Requirement —
The answer must be a single number: how many lines in this listing hold the word "Iset".

Dataset —
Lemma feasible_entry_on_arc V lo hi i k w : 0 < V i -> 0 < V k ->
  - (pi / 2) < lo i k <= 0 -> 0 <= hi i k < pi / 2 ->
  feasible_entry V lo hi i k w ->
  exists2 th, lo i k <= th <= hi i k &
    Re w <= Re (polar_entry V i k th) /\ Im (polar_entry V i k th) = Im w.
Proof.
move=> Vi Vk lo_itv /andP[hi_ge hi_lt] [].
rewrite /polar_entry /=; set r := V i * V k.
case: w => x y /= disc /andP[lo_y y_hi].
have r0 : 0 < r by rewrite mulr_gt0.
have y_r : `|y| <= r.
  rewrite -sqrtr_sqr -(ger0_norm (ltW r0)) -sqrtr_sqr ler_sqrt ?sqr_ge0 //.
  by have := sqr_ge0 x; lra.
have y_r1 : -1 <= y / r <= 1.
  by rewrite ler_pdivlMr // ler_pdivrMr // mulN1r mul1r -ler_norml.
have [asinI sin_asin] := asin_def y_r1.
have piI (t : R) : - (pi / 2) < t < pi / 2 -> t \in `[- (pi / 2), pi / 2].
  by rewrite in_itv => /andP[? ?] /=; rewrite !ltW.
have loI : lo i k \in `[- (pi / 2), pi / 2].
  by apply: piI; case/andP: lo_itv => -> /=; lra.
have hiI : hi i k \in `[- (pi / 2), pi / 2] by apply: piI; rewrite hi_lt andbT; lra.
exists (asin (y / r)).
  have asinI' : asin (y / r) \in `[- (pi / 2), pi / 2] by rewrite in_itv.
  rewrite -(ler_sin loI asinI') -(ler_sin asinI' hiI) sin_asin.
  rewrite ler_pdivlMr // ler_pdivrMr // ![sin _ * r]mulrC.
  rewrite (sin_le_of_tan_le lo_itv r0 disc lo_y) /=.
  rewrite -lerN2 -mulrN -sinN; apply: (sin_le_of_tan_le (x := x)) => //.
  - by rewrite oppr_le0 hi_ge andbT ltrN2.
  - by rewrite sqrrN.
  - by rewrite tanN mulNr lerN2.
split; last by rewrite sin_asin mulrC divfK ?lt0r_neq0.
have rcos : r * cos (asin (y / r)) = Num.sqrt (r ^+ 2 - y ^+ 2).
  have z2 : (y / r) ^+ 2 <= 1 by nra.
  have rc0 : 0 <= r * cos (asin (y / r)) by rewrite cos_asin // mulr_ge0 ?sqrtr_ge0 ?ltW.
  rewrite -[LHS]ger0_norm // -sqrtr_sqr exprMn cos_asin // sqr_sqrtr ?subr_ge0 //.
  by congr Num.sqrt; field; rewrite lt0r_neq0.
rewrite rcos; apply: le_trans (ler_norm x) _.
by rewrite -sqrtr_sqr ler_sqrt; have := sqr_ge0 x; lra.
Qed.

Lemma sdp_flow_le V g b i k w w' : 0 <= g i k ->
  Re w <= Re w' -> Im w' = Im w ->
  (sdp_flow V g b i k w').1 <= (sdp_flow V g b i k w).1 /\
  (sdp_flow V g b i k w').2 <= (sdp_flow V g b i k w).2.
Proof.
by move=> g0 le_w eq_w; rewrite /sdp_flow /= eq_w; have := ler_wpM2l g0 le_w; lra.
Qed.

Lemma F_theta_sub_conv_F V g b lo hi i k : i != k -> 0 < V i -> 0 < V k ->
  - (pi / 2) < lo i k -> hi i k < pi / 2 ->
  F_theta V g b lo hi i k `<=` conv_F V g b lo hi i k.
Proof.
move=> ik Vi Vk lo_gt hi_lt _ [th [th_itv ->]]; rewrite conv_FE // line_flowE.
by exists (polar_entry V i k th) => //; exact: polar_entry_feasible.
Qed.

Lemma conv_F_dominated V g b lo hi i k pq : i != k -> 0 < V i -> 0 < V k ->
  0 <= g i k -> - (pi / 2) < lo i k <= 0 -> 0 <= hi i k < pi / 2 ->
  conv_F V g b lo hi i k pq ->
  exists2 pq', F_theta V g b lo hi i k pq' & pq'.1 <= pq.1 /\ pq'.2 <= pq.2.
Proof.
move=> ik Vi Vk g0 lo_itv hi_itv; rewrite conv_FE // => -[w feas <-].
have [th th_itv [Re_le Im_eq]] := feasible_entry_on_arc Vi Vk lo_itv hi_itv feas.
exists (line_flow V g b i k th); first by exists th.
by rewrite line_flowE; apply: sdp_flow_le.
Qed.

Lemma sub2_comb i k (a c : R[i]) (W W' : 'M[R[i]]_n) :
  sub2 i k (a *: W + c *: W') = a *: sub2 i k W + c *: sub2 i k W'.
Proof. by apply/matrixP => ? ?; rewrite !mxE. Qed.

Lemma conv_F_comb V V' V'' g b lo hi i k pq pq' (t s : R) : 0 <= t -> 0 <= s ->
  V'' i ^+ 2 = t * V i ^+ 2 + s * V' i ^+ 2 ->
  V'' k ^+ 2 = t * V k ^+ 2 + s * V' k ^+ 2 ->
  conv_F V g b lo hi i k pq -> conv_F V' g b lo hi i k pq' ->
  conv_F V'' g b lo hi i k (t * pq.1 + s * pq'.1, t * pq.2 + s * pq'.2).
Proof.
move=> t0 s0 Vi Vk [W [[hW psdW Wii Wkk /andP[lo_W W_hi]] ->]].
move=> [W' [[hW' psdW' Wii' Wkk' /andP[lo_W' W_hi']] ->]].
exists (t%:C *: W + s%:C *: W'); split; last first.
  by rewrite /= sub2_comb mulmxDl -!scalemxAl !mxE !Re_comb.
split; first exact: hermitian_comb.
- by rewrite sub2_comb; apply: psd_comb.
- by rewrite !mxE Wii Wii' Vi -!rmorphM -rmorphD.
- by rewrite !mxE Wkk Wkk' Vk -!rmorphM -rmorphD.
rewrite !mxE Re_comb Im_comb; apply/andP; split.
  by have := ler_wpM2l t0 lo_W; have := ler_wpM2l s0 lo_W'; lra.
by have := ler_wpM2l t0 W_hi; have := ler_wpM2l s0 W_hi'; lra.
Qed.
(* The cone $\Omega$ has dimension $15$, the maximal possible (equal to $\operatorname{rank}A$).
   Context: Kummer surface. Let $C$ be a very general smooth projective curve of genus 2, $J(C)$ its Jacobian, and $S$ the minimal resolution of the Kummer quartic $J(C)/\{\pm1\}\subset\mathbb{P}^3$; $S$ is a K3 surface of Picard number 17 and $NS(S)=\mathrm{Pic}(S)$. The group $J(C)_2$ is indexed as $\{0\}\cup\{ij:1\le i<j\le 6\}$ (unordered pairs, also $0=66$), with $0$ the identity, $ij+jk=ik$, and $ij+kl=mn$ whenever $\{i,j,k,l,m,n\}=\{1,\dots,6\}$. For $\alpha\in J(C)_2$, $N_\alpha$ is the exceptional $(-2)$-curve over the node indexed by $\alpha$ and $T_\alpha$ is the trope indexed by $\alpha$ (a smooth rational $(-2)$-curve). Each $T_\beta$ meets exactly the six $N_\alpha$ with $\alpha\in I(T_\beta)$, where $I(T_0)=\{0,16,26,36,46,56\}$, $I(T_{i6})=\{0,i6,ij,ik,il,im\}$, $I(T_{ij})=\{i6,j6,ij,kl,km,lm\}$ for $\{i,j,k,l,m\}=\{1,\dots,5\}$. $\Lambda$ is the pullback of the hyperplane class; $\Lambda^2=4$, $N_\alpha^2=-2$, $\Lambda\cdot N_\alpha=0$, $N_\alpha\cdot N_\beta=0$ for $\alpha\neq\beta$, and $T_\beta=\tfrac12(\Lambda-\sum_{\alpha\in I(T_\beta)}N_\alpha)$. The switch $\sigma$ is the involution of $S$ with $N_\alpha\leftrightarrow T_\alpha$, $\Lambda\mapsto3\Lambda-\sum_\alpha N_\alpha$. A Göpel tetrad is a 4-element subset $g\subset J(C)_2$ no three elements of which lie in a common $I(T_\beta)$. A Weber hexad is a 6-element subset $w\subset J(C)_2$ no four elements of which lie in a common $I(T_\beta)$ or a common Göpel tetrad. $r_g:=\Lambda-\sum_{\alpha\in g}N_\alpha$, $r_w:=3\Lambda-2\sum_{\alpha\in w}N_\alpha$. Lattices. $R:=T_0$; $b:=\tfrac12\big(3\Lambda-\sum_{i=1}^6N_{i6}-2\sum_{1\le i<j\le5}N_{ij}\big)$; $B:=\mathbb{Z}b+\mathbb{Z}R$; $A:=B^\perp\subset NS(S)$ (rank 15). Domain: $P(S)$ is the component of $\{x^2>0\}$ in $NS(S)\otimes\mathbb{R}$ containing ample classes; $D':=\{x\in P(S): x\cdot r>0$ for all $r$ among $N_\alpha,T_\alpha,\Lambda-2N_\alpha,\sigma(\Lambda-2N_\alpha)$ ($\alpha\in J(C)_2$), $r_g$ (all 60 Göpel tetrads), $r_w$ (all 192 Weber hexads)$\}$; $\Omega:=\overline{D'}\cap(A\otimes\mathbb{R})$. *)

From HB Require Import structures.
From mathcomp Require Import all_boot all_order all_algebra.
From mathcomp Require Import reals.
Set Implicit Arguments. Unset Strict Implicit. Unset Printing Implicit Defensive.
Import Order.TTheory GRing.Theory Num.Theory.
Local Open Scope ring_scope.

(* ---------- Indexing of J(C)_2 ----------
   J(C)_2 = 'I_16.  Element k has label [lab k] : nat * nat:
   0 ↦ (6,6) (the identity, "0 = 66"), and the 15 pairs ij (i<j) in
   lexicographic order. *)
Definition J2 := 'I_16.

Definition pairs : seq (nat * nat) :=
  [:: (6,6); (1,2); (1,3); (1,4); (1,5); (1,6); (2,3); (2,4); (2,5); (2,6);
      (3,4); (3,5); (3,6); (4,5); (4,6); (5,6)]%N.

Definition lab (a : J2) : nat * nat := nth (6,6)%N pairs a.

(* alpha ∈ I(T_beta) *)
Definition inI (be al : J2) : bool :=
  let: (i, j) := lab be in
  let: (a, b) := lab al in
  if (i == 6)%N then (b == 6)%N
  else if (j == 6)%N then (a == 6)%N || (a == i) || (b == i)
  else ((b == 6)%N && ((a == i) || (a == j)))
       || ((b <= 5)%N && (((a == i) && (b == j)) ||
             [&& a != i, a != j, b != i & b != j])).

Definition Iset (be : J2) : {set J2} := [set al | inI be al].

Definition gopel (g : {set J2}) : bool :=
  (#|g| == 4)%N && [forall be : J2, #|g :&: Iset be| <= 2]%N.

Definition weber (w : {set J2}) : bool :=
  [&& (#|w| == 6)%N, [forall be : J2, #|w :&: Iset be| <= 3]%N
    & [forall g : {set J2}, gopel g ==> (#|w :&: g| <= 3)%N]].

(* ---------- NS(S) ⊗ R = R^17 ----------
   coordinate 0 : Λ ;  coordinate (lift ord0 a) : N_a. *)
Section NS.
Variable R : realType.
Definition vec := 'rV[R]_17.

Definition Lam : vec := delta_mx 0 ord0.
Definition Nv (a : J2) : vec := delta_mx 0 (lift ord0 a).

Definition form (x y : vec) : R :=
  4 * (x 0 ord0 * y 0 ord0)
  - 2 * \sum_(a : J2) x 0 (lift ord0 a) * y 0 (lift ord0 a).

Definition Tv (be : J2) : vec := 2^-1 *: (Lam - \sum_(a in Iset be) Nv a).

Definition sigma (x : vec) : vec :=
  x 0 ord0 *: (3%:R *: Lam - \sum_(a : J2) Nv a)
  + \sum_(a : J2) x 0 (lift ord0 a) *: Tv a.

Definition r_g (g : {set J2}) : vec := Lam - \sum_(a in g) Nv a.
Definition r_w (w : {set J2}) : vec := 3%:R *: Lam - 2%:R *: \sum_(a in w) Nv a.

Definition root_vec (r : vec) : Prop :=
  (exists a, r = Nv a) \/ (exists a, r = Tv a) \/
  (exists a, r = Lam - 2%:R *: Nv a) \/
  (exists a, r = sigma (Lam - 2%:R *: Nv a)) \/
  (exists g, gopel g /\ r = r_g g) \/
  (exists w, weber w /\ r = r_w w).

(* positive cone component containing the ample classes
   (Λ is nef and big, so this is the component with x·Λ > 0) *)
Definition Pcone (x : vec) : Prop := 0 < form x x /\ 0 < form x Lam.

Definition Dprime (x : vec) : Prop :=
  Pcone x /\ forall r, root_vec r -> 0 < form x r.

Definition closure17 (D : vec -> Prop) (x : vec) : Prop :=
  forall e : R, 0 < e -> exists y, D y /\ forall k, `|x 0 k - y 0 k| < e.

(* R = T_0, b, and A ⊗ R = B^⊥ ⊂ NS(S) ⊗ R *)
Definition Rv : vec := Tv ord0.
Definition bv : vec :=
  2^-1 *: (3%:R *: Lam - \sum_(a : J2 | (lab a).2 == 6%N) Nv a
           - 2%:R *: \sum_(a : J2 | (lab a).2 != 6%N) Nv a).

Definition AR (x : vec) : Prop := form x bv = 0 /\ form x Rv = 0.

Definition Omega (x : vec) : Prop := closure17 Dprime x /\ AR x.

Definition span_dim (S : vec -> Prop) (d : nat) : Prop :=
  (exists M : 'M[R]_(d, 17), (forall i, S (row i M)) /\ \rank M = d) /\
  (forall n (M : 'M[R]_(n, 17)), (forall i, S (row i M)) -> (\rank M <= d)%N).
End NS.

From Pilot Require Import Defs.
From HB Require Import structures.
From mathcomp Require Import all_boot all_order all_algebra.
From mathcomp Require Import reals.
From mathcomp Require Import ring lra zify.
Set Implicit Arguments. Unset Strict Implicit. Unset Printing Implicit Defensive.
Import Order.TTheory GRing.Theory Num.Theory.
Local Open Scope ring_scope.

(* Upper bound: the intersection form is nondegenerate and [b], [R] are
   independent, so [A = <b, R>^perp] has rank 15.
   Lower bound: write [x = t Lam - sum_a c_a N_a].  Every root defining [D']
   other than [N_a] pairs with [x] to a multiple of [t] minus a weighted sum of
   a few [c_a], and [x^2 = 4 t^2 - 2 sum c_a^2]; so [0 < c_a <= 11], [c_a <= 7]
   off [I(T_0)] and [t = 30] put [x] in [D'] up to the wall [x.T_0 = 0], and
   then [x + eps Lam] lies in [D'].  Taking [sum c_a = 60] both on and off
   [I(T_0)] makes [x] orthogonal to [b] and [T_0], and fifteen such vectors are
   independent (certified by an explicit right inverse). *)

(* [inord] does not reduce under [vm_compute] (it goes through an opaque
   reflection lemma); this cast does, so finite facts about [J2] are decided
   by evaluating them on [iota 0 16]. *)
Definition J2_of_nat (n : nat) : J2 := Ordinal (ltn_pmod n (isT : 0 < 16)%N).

Response below —
4